"""

(* Let $\mathcal{N}=(D,P)$ be a broadcast network with client $P=(Q,I,\delta)$, let $m\le |Q|$ and $s_1,\dots,s_m\in Q$. There is a cycle $(\{s_1\},\dots,\{s_m\})\to_G^+(\{s_1\},\dots,\{s_m\})$ (a path with at least one edge) in the graph $G$ if and only if there is a configuration $c$ with $\mathrm{Set}(c)=\{s_1,\dots,s_m\}$ and $c\to^+ c$.
   Context: A broadcast network is a pair $\mathcal{N}=(D,P)$ where $D$ is a finite set of messages and $P=(Q,I,\delta)$ is a finite automaton with transition relation $\delta\subseteq Q\times \mathrm{Ops}(D)\times Q$, $\mathrm{Ops}(D)=\{!a,\ ?a : a\in D\}$; write $q\xrightarrow{o}q'$ for $(q,o,q')\in\delta$. A configuration is a tuple $c\in Q^k$, $k\in\mathbb{N}$, with entries $c[i]$ and set of occurring states $\mathrm{Set}(c)$. For $c,c'\in Q^k$ and $a\in D$, $c\xrightarrow{a}c'$ holds if some index $i$ has $c[i]\xrightarrow{!a}c'[i]$, there is $R\subseteq[1..k]\setminus\{i\}$ with $c[j]\xrightarrow{?a}c'[j]$ for all $j\in R$, and $c[j]=c'[j]$ for $j\notin R\cup\{i\}$; $c\to^+c'$ means a sequence of at least one such transition. For $S\subseteq Q$ and $a\in D$ let $\mathrm{Post}_{?a}(S)=\{r'\in Q: \exists r\in S,\ r\xrightarrow{?a}r'\}$ and $\mathrm{Enabled}_{?a}(S)=\{r\in S : \mathrm{Post}_{?a}(\{r\})\neq\emptyset\}$. The graph $G=(V,\to_G)$ has vertex set $V=\bigcup_{k\le|Q|}(2^Q)^k$ (tuples of sets of states). There is an edge $(S_1,\dots,S_k)\to_G(S'_1,\dots,S'_k)$ iff: (1) there are $j\in[1..k]$, $s\in S_j$, $s'\in S'_j$, $a\in D$ with $s\xrightarrow{!a}s'$; (2) for each $i\in[1..k]$ there are $\mathrm{Gen}_i\subseteq\mathrm{Post}_{?a}(S_i)$ and $\mathrm{Kill}_i\subseteq\mathrm{Enabled}_{?a}(S_i)$ such that $S'_i=(S_i\setminus\mathrm{Kill}_i)\cup\mathrm{Gen}_i$ for $i\neq j$ and $S'_j=(U_j\setminus\mathrm{Kill}_j)\cup\mathrm{Gen}_j\cup\{s'\}$, where $U_j$ is either $S_j$ or $S_j\setminus\{s\}$; (3) for each $i\in[1..k]$ and each $q\in\mathrm{Kill}_i$, $\mathrm{Post}_{?a}(\{q\})\cap\mathrm{Gen}_i\neq\emptyset$. *)

From mathcomp Require Import all_boot.
From Stdlib Require Export Relations.Relation_Operators.
Set Implicit Arguments. Unset Strict Implicit. Unset Printing Implicit Defensive.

"""

▸ What you will do
Copy out, exactly as written, the line that contains "From mathcomp Require Import all_boot." along with every line that comes after it in the material above, and nothing else.

▸ Written response
From mathcomp Require Import all_boot.
From Stdlib Require Export Relations.Relation_Operators.
Set Implicit Arguments. Unset Strict Implicit. Unset Printing Implicit Defensive.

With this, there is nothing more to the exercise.